Once the service offerings, and look and feel of the toilet were more or less fleshed out, WSUP ran a Live Prototype of the Clean Team service. Because tooling for toilet manufacture is so expensive, WSUP used off-the-shelf cabin toilets, which approximated about 80% of the toilets that IDEO.org would design, to test the service. They got great results, went ahead with manufacturing, and as of 2012, the toilets are in production, sport IDEO.org’s branding, and have found their way into the lives of over 5,000 people.

Method Spotlight

Rapid Prototyping

This method gives you an overview of the main steps involved in a rapid prototyping phase.

One of the best parts of prototyping is that it gives you real-life feedback to one of your ideas. The design team suspected that having someone come into subscribers’ homes to collect and dispose of waste would be an element of Clean Team’s offer. The specter of night soil collectors and a history of illegal dumping made it critical from a systems level, but would users accept it?

When the team discussed the idea with people, they heard that consumers would be happier disposing of their own waste if it could save them money. Potential subscribers were also reluctant to allow service people into their homes.

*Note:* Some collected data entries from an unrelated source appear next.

Section MMSpace.
Variables (R : realType) (Y : mmspace R).
Local Notation T := (mm_T Y).
Local Notation d := (@mm_d R Y).
Local Notation m := (@mm_m R Y).

Lemma mm_d_ge0 x y : 0 <= d x y. Proof. by case: (mm_metric Y). Qed.
Lemma mm_d_xx x : d x x = 0. Proof. by case: (mm_metric Y) => _ h _ _; exact/h. Qed.
Lemma mm_d_sym x y : d x y = d y x. Proof. by case: (mm_metric Y). Qed.
Lemma mm_d_triangle x y z : d x z <= d x y + d y z. Proof. by case: (mm_metric Y). Qed.

Definition dense_seq : nat -> T := projT1 (cid (mm_separable Y)).

Lemma dense_seqP x e : 0 < e -> exists k, d x (dense_seq k) < e.
Proof. exact: (projT2 (cid (mm_separable Y))). Qed.

Lemma lip1_preimage_borel (h : T -> R) B :
  lip1 d h -> d_borel (@dist_R R) B -> d_borel d (h @^-1` B).
Proof. by move=> hh; apply: (d_borel_preimage ltr01) => x y; rewrite mul1r; exact: hh. Qed.

Lemma mm_ball_borel c r : d_borel d [set t | d t c < r].
Proof.
apply: d_borel_open => t /= htc; exists (r - d t c); first by rewrite subr_gt0.
by move=> y /= hy; have := mm_d_triangle y t c; rewrite (mm_d_sym y t); lra.
Qed.

Definition cell (r : R) (j : nat) : set T :=
  [set t | d t (dense_seq j) < r] `\` \bigcup_(l < j) [set t | d t (dense_seq l) < r].

Lemma cell_borel r j : d_borel d (cell r j).
Proof.
apply: d_borelD; first exact: mm_ball_borel.
rewrite bigcup_mkord; apply: (@d_borel_bigsetU _ _ d j (fun l => [set t | d t (dense_seq l) < r])).
by move=> l _; exact: mm_ball_borel.
Qed.

Lemma cell_center r j t : cell r j t -> d t (dense_seq j) < r.
Proof. by case. Qed.

Lemma cell_cover r t : 0 < r -> exists j, cell r j t.
Proof.
move=> r0; have [j0 hj0] := dense_seqP t r0.
case: (ex_minnP (ex_intro (fun j => d t (dense_seq j) < r) j0 hj0)) => j hj hmin.
by exists j; split => //= -[l /= lj /hmin]; rewrite leqNgt lj.
Qed.

Lemma cell_uniq r j j' t : cell r j t -> cell r j' t -> j = j'.
Proof.
move=> [hj nj] [hj' nj']; case: (ltngtP j j') => // jj'.
- by case: nj'; exists j.
- by case: nj; exists j'.
Qed.

End MMSpace.

Section Median.
Variables (R : realType) (Y : mmspace R).
Local Notation T := (mm_T Y).
Local Notation d := (@mm_d R Y).
Local Notation m := (@mm_m R Y).

Lemma OD_le_concentration (k b e : R) (h : T -> R) : lip1 d h -> (OD d m k <= b%:E)%E -> 0 < e ->
  exists B, [/\ d_borel (@dist_R R) B, ((1 - k)%:E <= m (h @^-1` B))%E &
    forall u v, B u -> B v -> `|u - v| < b + e].
Proof.
move=> hh hOD e0.
have : (PD (@dist_R R) (fun B => m (h @^-1` B)) (1 - k) < (b + e)%:E)%E.
  apply: le_lt_trans (_ : (b%:E < (b + e)%:E)%E); last by rewrite lte_fin ltrDl.
  by apply: le_trans hOD; apply: ereal_sup_ubound; exists h.
move=> /ereal_inf_lt[_ [A [hA hmA] <-] hlt]; exists A; split => // u v Au Av.
have : ((@dist_R R u v)%:E <= diam (@dist_R R) A)%E.
  by apply: ereal_sup_ubound; left; exists u => //; exists v.
by move=> /le_lt_trans /(_ hlt); rewrite lte_fin.
Qed.

Definition median_lower (h : T -> R) := [set v : R | (m [set t | (h t < v)%R] <= (2^-1)%:E)%E].
Definition median (h : T -> R) := sup (median_lower h).

Section Concentrated.
Variables (k D : R) (h : T -> R) (B : set R) (u : R).
Hypotheses (hk : k < 2^-1) (hh : lip1 d h) (hB : d_borel (@dist_R R) B).
Hypothesis hmB : ((1 - k)%:E <= m (h @^-1` B))%E.
Hypotheses (hD : forall u v, B u -> B v -> `|u - v| <= D) (Bu : B u).

Let hB' := lip1_preimage_borel hh hB.
Let hlt v := lip1_preimage_borel hh (dist_R_borel_lt v).

Lemma median_lower_mem : median_lower h (u - D).
Proof.
rewrite /median_lower /=; apply: (@le_trans _ _ k%:E); last by rewrite lee_fin ltW.
apply: (bprob_disjoint_le (mm_prob Y) hB' (hlt _) _ hmB).
apply/seteqP; split => t //= [Bt ht].
by have := hD Bt Bu; have := ler_norm (u - h t); rewrite distrC; lra.
Qed.

Lemma median_lower_ub v : median_lower h v -> v <= u + D.
Proof.
move=> hv; rewrite leNgt; apply/negP => uv.
have : (m (h @^-1` B) <= m [set t | (h t < v)%R])%E.
  apply: (bprob_le (mm_prob Y) hB' (hlt v)) => t /= Bt.
  by have := hD Bt Bu; have := ler_norm (h t - u); lra.
by move=> /(le_trans hmB)/le_trans/(_ hv); rewrite lee_fin; have := hk; lra.
Qed.

Lemma median_near : `|u - median h| <= D.
Proof.
have ne : median_lower h !=set0 by exists (u - D); exact: median_lower_mem.
have ub : ubound (median_lower h) (u + D) by move=> v /median_lower_ub.
have lo := sup_upper_bound (conj ne (ex_intro _ _ ub)) median_lower_mem.
have hi : median h <= u + D := ge_sup ne ub.
by rewrite ler_norml; apply/andP; split; rewrite /median in hi *; lra.
Qed.

End Concentrated.

Lemma median_lower_has_sup (k b : R) (h : T -> R) : k < 2^-1 -> lip1 d h ->
  (OD d m k <= b%:E)%E -> has_sup (median_lower h).
Proof.
move=> hk hh hOD; have [B [hB hmB hBd]] := OD_le_concentration hh hOD ltr01.
have hD u v : B u -> B v -> `|u - v| <= b + 1 by move=> Bu Bv; exact/ltW/hBd.
have [u Bu] : exists u, B u.
  apply: contrapT => nB; move: hmB.
  rewrite (_ : h @^-1` B = set0); last by apply/seteqP; split => // t Bt; apply: nB; exists (h t).
  by rewrite (bprob0 (mm_prob Y)) lee_fin; lra.
split; first by exists (u - (b + 1)); exact: median_lower_mem hk hh hB hmB hD Bu.
by exists (u + (b + 1)) => v /(median_lower_ub hk hh hB hmB hD Bu).
Qed.

Lemma median_le_shift (h h' : T -> R) (delta : R) : lip1 d h -> lip1 d h' ->
  (forall t, h t <= h' t + delta) -> median_lower h !=set0 -> has_sup (median_lower h') ->
  median h <= median h' + delta.
Proof.
move=> hh hh' hd [v0 Sv0] hs'.
have shift v : median_lower h v -> median_lower h' (v - delta).
  move=> hv; apply: le_trans hv; apply: (bprob_le (mm_prob Y)).
  - exact: lip1_preimage_borel hh' (dist_R_borel_lt _).
  - exact: lip1_preimage_borel hh (dist_R_borel_lt _).
  - by move=> t /=; have := hd t; lra.
apply: ge_sup; first by exists v0.
by move=> v /shift /(sup_upper_bound hs'); rewrite /median; lra.
Qed.

Lemma median_far (k b e : R) (h : T -> R) : k < 2^-1 -> lip1 d h -> (OD d m k <= b%:E)%E ->
  0 < e -> (m [set t | (b + e < `|h t - median h|)%R] <= k%:E)%E.
Proof.
move=> hk hh hOD e0; have [B [hB hmB hBd]] := OD_le_concentration hh hOD e0.
have hD u v : B u -> B v -> `|u - v| <= b + e by move=> Bu Bv; exact/ltW/hBd.
apply: (bprob_disjoint_le (mm_prob Y) (lip1_preimage_borel hh hB) _ _ hmB).
  exact: lip1_preimage_borel hh (dist_R_borel_far _ _).
apply/seteqP; split => t //= [Bt ht].
by have := median_near hk hh hB hmB hD Bt; lra.
Qed.

End Median.

Lemma dfwith_dfwith (I : eqType) (T_ : I -> Type) (f : forall i, T_ i) i (x y : T_ i) :
  dfwith (dfwith f i x) i y = dfwith f i y.
Proof.
apply: functional_extensionality_dep => j.
by case: (eqVneq i j) => [<-|ij]; rewrite ?dfwithin ?dfwithout.
Qed.

Section Coordinatewise.
Variables (R : realType) (n : nat) (X : 'I_n.+1 -> mmspace R).
Local Notation Pi := (forall i, mm_T (X i)).

Definition coord_lip1 (g : Pi -> R) := forall i (x y : Pi),
  (forall j, j != i -> x j = y j) -> `|g x - g y| <= mm_d (x i) (y i).

(* Move from y to x one coordinate at a time. *)
Lemma coord_lip1_sum g (x y : Pi) : coord_lip1 g ->
  `|g x - g y| <= \sum_(i < n.+1) mm_d (x i) (y i).
Proof.
move=> hg; pose w (l : nat) : Pi := fun j => if (j < l)%N then x j else y j.
have wx : w n.+1 = x by apply: functional_extensionality_dep => j; rewrite /w ltn_ord.
have wy : w 0%N = y by apply: functional_extensionality_dep => j; rewrite /w.
rewrite -{1}wx -{1}wy -(@telescope_sumr _ 0 n.+1 (fun l => g (w l))) // big_mkord.
apply: le_trans (ler_norm_sum _ _ _) _; apply: ler_sum => i _.
have := hg i (w i.+1) (w i); rewrite /w ltnSn ltnn; apply => j ji.
by rewrite ltnS leq_eqVlt -[j == i :> nat]/(j == i) (negbTE ji).
Qed.

Lemma coord_lip1_close g (x y : Pi) r : coord_lip1 g ->
  (forall i, mm_d (x i) (y i) <= r) -> `|g x - g y| <= n.+1%:R * r.
Proof.
move=> hg hr; apply: le_trans (coord_lip1_sum x y hg) _.
have -> : n.+1%:R * r = \sum_(i < n.+1) r by rewrite sumr_const card_ord mulr_natl.
by apply: ler_sum => i _.
Qed.

Definition rect (A : forall i, set (mm_T (X i))) : set Pi := [set x | forall i, A i (x i)].

Lemma rect_dfwithP A k (B : set (mm_T (X k))) x :
  rect (dfwith A k B) x <-> B (x k) /\ forall i, i != k -> A i (x i).
Proof.
split=> [h|[Bx Ax] i].
  by split=> [|i ik]; [have := h k; rewrite dfwithin | have := h i; rewrite dfwithout 1?eq_sym].
by case: (eqVneq k i) => [<-|ki]; rewrite ?dfwithin ?dfwithout //; apply: Ax; rewrite eq_sym.
Qed.

Definition slice (g : Pi -> R) (x : Pi) (k : 'I_n.+1) : mm_T (X k) -> R :=
  fun t => g (dfwith x k t).
#[global] Arguments slice g x k : clear implicits.

Lemma coord_lip1_slice g : coord_lip1 g -> forall x k, lip1 (@mm_d R (X k)) (slice g x k).
Proof.
move=> hg x k t t'; have := hg k (dfwith x k t) (dfwith x k t'); rewrite !dfwithin; apply => j jk.
by rewrite !dfwithout // eq_sym.
Qed.

End Coordinatewise.

Section Product.
Variables (R : realType) (n : nat) (X : 'I_n.+1 -> mmspace R) (p : \bar R).
Hypothesis hp : (1 <= p)%E.
Local Notation Pi := (forall i, mm_T (X i)).
Local Notation dp := (dprod (fun i => @mm_d R (X i)) p).

Lemma dprod_ge (x y : Pi) i : mm_d (x i) (y i) <= dp x y.
Proof.
rewrite /dprod; case: p hp => [r| |] // hr; last exact: (le_bigmax _ (fun j => mm_d (x j) (y j))).
have r0 : r != 0 by apply/eqP => r0; move: hr; rewrite r0 lee_fin ler10.
rewrite -{1}(@powRr1 _ (mm_d (x i) (y i))) ?mm_d_ge0 // -(mulfV r0) powRrM.
apply: ge0_ler_powR; rewrite ?nnegrE ?invr_ge0 ?powR_ge0 ?sumr_ge0 //.
- by move: hr; rewrite lee_fin; lra.
- by move=> j _; exact: powR_ge0.
- by rewrite (bigD1 i) //= lerDl sumr_ge0 // => j _; exact: powR_ge0.
Qed.

Lemma dprod_single (x y : Pi) i : (forall j, j != i -> x j = y j) ->
  dp x y <= mm_d (x i) (y i).
Proof.
move=> xy; rewrite /dprod; case: p hp => [r| |] // hr.
  have r0 : r != 0 by apply/eqP => r0; move: hr; rewrite r0 lee_fin ler10.
  rewrite (bigD1 i) //= big1 ?addr0 => [|j /xy ->]; last by rewrite mm_d_xx powR0.
  by rewrite -powRrM mulfV // powRr1 // mm_d_ge0.
apply: bigmax_le => [|j _]; first exact: mm_d_ge0.
by case: (eqVneq j i) => [->//|/xy ->]; rewrite mm_d_xx mm_d_ge0.
Qed.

Though the team had a hunch about how the service would have to work, they put the idea to test by running a prototype. By enacting even just a portion of the eventual Clean Team service, the designers could learn how people would react not just to toilets in their homes, but also to others emptying them.

The design team began the prototype by putting a few portable toilets in the homes of potential subscribers. After a short time they came back to hear people’s thoughts and reactions.

Though the toilets themselves were popular, people quickly came to realize the value of someone else taking care of waste disposal. Once potential subscribers experienced what it meant to have a full toilet, and how involved proper waste disposal would be, their desires changed.

“This was a great example of a time when asking people to tell you what they want doesn’t always give you the information that you need,” says Alexander. “Giving people the ability to test things totally changed their perspective.”

Though the team was happy to have their hunch confirmed, an even bigger win was learning that potential subscribers would actually prefer the more sanitary route. This key piece of information set the team on a path to design waste disposal and servicepeople into the Clean Team system.